(ENTRIES SUPPLIED Opens)

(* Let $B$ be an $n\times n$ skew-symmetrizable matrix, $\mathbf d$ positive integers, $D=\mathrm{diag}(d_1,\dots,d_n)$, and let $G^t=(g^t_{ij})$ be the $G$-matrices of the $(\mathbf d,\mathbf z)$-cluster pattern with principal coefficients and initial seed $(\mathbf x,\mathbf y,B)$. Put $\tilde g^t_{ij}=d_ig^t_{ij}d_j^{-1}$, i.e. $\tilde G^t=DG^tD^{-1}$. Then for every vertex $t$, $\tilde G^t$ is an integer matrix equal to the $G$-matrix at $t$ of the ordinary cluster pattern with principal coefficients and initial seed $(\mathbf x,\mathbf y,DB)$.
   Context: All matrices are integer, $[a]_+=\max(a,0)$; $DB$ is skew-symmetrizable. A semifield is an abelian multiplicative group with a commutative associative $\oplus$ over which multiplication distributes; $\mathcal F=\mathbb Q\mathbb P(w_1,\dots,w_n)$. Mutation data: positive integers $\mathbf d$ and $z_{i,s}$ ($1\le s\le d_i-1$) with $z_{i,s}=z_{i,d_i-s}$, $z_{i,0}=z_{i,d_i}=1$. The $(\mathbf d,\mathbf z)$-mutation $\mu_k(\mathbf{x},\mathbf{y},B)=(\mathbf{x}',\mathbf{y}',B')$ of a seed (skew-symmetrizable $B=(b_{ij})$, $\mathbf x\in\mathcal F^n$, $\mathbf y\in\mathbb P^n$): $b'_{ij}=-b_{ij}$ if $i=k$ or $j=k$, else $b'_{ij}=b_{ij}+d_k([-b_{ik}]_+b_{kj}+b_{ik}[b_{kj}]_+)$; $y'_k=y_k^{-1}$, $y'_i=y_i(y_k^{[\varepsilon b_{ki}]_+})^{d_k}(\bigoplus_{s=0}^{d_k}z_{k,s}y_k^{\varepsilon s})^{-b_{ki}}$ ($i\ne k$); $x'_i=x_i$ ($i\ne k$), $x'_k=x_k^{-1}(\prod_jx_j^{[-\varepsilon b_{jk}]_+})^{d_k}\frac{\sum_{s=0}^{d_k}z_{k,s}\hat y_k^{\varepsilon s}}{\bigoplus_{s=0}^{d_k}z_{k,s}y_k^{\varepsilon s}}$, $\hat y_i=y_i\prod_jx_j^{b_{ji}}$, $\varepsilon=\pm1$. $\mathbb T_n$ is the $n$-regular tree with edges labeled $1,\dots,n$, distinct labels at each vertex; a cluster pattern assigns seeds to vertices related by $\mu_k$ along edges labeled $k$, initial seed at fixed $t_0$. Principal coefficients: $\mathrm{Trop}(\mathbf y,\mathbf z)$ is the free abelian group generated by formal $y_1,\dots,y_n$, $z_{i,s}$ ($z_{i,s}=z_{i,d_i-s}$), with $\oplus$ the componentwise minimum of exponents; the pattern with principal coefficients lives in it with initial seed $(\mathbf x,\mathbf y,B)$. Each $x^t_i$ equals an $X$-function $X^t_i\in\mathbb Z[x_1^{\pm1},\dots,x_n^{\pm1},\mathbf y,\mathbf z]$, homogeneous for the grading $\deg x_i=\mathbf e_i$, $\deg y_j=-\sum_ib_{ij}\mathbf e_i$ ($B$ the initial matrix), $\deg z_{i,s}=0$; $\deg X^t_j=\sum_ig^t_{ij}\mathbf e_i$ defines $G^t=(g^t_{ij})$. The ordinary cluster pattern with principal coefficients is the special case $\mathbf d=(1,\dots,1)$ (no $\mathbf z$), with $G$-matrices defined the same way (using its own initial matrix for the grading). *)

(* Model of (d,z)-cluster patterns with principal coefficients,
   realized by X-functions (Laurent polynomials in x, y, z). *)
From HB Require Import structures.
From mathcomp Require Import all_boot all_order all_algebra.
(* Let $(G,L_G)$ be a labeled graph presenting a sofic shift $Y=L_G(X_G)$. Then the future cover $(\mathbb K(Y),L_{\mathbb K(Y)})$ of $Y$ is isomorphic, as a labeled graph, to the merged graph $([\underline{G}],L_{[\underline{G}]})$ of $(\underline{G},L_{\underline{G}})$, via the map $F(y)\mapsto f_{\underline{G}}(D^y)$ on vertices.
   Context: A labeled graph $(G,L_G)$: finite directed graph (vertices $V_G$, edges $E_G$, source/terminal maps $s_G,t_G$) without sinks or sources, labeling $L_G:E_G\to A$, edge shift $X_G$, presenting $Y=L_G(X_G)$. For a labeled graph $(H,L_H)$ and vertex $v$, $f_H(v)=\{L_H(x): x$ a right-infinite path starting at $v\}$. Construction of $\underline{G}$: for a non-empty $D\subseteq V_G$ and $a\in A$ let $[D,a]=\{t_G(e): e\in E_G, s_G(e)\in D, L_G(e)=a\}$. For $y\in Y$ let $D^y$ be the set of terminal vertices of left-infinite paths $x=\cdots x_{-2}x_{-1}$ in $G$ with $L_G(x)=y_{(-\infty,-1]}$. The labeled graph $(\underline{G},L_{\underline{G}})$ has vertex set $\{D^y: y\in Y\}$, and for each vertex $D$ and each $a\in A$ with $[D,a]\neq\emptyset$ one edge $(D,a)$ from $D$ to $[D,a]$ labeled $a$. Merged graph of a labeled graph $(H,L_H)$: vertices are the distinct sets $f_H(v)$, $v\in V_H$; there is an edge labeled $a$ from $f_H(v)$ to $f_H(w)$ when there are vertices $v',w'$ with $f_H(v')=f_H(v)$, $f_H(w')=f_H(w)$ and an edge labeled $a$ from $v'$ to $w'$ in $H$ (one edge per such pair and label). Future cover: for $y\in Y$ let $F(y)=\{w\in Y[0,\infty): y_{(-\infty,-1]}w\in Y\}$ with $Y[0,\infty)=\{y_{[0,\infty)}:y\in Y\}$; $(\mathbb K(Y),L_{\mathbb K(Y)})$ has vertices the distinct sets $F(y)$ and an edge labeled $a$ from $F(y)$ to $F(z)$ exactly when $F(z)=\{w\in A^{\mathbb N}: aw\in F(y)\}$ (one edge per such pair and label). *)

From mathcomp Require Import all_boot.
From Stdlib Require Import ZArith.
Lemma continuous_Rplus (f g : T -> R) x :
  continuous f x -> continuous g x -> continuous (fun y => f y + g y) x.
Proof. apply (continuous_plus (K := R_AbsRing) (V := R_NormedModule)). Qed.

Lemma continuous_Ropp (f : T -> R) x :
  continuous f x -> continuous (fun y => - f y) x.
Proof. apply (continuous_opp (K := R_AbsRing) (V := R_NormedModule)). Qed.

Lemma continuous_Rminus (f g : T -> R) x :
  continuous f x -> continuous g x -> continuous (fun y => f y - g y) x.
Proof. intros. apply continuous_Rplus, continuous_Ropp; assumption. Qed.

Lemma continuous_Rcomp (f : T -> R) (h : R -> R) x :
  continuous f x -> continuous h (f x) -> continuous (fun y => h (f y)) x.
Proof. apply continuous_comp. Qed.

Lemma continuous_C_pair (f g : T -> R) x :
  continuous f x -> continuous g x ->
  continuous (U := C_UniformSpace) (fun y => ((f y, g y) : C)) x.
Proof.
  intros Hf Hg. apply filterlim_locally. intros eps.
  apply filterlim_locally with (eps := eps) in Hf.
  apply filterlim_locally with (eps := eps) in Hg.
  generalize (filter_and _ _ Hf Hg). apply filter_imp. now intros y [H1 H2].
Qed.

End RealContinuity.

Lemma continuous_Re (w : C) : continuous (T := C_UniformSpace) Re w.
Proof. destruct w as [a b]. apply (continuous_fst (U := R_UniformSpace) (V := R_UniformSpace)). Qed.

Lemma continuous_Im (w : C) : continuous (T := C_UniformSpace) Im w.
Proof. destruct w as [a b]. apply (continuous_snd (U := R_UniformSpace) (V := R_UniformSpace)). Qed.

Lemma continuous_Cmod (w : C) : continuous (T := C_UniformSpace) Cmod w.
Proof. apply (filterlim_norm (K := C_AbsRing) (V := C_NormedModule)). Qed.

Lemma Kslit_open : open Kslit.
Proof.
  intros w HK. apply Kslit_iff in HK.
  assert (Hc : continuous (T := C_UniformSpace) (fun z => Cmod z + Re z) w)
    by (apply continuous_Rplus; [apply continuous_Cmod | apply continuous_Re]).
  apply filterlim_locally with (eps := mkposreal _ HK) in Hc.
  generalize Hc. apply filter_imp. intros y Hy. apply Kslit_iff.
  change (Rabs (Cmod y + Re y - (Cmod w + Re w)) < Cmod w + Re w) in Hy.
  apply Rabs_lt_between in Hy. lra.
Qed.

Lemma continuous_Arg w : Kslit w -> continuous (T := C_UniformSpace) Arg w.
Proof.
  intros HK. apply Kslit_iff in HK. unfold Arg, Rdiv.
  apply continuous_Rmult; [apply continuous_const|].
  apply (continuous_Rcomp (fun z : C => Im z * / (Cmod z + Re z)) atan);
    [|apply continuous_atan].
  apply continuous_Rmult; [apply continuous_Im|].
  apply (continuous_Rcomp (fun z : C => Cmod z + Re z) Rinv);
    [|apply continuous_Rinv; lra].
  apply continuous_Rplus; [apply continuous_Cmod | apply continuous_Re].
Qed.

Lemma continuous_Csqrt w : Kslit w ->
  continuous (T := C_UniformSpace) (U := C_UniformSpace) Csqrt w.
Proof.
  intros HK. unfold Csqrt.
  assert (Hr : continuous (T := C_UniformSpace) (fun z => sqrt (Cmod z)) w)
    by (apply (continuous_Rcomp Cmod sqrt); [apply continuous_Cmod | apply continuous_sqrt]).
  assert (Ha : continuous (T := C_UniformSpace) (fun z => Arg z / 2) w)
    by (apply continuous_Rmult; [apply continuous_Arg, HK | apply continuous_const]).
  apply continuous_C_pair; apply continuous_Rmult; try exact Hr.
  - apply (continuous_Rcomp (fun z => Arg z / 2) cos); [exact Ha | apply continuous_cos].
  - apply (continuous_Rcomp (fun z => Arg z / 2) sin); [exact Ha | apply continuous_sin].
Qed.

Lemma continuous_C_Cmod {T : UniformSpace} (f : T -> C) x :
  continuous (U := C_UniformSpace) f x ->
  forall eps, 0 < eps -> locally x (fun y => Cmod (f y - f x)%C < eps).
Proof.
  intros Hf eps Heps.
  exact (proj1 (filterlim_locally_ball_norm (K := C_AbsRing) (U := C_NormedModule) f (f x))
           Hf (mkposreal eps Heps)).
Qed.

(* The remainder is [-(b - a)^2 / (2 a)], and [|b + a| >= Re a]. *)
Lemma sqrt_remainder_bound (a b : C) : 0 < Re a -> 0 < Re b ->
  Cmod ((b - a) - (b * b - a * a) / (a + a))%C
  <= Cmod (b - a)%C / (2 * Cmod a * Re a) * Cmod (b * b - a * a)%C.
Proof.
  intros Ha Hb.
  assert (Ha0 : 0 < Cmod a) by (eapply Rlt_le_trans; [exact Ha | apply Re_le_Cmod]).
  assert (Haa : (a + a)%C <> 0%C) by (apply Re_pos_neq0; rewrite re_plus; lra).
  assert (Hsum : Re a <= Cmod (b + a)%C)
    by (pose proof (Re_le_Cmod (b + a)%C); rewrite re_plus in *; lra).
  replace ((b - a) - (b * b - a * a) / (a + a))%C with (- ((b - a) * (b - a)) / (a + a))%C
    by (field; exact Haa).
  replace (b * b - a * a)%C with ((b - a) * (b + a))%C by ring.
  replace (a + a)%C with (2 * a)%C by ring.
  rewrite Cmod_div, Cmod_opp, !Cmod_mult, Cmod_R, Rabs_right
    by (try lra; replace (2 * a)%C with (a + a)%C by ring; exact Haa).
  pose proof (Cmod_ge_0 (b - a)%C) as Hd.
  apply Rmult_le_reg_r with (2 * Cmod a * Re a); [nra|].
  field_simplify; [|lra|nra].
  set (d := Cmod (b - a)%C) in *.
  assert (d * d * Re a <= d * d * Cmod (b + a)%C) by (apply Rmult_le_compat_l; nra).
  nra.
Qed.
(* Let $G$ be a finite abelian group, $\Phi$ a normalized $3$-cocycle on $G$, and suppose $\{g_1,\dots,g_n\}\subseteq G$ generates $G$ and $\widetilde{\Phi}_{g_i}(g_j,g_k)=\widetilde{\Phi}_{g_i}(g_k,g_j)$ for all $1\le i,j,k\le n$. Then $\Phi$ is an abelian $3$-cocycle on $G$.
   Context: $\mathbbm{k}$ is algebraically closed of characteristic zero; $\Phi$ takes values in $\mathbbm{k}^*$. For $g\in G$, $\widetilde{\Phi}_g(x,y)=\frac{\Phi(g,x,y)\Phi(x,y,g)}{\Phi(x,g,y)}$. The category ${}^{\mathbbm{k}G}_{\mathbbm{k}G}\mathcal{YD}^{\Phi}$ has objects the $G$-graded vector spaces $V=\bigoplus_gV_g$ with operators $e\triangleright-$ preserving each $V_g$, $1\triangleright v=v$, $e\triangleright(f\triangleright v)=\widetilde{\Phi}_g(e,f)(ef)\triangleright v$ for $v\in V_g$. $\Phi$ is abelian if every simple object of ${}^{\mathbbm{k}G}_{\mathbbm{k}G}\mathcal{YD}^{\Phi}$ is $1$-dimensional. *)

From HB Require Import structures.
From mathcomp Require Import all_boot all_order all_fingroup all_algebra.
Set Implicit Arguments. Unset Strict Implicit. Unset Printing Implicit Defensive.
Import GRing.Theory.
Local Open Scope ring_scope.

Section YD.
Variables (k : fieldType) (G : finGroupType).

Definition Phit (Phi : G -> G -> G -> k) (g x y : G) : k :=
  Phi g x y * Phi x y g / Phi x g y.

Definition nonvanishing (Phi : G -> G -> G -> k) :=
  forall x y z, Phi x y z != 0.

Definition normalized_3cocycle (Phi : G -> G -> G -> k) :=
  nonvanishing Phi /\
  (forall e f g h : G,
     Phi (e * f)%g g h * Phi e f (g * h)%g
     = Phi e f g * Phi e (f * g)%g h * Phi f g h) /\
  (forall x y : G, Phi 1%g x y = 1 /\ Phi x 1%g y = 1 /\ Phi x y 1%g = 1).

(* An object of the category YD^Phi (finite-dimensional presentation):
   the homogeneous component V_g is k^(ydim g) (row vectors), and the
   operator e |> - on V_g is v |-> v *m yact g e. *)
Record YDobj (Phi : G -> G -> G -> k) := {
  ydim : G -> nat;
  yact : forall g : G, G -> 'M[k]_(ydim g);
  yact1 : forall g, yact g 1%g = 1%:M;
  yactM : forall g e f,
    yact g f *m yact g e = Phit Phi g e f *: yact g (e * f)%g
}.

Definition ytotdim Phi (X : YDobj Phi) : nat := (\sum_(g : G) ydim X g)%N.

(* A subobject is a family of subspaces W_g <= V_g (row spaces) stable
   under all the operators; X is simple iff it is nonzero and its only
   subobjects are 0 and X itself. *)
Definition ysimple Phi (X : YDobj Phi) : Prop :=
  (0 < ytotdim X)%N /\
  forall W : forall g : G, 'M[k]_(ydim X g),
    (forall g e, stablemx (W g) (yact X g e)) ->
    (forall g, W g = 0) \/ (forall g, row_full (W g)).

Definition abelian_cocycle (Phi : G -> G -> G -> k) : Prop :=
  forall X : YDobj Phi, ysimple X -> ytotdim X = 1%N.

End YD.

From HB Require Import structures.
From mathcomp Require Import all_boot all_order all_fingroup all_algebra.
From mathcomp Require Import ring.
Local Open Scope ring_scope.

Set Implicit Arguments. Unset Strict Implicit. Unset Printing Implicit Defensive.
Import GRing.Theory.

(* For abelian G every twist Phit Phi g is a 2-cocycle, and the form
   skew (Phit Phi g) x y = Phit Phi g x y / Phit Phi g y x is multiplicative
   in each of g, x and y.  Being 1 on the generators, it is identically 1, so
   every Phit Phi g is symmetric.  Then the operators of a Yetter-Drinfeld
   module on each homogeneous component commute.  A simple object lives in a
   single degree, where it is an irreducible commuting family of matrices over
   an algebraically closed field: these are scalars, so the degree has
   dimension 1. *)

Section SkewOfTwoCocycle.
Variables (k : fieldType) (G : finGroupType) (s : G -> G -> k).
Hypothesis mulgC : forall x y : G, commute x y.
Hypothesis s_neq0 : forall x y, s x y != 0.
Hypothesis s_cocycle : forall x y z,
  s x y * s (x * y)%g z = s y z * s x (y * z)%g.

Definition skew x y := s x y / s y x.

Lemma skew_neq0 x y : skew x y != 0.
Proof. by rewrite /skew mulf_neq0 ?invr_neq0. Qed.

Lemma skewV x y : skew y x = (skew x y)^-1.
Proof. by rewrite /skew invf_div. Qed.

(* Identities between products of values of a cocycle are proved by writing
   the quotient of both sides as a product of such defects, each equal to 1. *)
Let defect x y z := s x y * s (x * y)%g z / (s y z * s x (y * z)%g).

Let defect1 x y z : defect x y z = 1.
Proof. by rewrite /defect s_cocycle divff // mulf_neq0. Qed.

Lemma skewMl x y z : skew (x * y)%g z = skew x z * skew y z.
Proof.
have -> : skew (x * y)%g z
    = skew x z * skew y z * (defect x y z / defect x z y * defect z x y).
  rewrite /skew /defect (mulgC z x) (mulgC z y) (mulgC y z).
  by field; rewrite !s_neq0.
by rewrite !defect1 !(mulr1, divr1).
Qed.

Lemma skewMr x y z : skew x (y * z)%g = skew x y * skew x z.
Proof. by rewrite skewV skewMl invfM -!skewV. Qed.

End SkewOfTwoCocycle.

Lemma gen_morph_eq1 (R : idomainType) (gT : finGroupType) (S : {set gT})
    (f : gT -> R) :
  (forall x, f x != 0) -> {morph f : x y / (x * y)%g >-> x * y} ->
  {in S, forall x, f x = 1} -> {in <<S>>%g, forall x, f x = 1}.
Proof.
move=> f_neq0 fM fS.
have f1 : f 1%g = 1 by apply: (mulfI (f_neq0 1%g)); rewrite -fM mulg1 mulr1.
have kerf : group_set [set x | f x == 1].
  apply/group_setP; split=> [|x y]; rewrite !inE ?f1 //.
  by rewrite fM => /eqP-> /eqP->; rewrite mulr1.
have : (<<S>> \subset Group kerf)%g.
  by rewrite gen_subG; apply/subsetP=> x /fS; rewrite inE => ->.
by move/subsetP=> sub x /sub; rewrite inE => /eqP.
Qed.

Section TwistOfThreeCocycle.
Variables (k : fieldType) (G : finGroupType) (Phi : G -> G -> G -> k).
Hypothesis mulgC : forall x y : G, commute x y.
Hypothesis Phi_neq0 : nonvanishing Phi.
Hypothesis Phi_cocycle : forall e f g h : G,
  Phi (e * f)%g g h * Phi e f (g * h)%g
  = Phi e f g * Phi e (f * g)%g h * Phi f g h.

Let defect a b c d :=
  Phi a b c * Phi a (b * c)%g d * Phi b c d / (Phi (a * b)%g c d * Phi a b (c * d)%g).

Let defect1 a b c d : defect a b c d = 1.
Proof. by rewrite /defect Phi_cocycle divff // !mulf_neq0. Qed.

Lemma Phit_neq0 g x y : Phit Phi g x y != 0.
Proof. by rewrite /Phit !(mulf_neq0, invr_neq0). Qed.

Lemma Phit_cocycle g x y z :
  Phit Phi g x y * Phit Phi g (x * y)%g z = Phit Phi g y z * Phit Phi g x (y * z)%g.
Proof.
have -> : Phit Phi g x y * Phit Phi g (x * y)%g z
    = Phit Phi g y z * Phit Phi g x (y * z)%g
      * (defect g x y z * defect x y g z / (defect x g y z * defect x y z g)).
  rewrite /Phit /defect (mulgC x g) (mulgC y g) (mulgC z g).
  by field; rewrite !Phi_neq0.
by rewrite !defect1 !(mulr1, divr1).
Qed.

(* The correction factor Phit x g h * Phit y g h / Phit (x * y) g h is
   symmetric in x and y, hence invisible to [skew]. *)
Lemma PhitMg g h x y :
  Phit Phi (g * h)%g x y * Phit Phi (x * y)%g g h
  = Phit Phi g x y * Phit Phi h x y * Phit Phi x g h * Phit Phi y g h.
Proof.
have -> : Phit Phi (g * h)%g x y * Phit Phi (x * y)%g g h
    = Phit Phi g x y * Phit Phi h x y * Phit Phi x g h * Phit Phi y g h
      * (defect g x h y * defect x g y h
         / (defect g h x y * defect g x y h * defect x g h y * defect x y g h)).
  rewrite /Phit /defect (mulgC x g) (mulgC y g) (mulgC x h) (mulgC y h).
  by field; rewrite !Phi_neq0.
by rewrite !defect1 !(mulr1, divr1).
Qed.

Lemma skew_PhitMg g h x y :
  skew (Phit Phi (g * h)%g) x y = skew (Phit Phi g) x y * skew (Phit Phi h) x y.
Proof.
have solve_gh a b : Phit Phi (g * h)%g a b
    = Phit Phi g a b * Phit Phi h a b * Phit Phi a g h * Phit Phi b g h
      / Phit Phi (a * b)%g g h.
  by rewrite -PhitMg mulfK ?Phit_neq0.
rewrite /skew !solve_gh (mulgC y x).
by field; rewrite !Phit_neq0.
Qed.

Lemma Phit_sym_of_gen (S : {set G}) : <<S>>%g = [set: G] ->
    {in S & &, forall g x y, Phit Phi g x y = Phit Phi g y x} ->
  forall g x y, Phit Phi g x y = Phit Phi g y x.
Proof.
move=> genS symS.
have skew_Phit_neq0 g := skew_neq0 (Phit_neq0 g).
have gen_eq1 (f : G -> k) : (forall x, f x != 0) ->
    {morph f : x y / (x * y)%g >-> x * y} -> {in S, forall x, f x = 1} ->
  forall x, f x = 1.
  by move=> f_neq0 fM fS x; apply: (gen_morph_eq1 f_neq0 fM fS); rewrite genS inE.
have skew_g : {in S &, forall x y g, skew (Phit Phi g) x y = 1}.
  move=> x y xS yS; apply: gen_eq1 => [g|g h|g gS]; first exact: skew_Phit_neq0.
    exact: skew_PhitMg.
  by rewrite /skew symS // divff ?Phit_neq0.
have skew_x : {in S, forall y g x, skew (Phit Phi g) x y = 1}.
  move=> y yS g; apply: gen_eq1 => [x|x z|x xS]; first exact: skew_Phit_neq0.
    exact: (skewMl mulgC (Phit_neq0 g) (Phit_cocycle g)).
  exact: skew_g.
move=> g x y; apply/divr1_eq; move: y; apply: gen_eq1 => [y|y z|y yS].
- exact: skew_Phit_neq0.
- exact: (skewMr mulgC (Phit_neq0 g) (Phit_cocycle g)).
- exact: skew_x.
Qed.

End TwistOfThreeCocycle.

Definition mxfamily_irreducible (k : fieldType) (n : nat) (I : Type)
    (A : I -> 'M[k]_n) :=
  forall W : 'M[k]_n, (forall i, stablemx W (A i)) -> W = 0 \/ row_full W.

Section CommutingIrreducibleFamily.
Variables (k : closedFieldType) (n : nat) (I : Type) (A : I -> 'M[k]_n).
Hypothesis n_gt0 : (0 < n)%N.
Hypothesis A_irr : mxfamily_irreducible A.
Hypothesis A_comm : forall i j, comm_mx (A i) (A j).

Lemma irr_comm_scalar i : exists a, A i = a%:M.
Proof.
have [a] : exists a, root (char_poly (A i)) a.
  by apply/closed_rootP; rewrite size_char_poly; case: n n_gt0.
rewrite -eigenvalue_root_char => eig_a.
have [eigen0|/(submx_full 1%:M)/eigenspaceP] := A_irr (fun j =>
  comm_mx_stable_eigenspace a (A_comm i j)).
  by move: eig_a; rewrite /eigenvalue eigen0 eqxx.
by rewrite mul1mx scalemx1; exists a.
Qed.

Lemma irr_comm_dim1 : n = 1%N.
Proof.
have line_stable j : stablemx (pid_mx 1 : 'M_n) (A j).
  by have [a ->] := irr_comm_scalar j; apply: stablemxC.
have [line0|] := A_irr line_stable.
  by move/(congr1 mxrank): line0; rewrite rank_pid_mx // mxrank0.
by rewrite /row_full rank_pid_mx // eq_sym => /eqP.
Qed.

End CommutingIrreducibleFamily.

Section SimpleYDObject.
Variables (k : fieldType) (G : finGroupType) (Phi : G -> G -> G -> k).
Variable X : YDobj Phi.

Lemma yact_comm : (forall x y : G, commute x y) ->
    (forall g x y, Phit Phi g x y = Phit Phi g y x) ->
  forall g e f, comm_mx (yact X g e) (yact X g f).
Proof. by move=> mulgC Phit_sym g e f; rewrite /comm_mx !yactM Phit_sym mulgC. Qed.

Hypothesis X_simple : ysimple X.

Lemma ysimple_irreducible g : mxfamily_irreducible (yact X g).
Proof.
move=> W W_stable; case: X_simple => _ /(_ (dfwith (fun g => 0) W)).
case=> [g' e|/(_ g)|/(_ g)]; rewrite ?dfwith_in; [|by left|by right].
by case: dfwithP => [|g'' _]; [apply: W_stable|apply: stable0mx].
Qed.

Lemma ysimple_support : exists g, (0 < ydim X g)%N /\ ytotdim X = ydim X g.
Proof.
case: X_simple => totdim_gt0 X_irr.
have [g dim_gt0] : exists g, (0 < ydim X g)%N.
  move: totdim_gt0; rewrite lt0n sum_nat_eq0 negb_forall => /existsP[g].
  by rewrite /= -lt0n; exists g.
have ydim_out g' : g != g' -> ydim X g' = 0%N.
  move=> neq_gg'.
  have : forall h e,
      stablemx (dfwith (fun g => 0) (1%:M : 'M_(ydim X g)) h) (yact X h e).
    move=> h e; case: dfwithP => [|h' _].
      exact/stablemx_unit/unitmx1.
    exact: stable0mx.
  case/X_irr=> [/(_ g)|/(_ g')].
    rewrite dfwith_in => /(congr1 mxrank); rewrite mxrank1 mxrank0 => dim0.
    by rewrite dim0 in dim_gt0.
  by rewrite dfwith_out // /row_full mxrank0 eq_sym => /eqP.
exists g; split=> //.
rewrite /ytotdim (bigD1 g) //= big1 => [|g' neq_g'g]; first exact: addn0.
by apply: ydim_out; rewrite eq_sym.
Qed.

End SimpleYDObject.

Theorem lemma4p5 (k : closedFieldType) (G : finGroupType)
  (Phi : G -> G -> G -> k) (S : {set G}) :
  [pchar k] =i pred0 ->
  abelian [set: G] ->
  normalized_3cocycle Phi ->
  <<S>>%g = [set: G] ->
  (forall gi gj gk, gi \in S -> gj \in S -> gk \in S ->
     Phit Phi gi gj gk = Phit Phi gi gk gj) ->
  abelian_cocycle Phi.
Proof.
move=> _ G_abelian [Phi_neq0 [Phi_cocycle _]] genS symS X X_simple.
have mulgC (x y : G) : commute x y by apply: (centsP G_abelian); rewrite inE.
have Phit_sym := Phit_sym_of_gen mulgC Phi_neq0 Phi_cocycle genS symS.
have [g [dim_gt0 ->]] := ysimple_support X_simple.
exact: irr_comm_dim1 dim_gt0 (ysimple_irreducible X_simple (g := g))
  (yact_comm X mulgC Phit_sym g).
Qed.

(ENTRIES SUPPLIED Closes)

Report how many lines of the records hold the word "CommutingIrreducibleFamily", and supply no other text.

# [EXERCISE OUTPUT]
2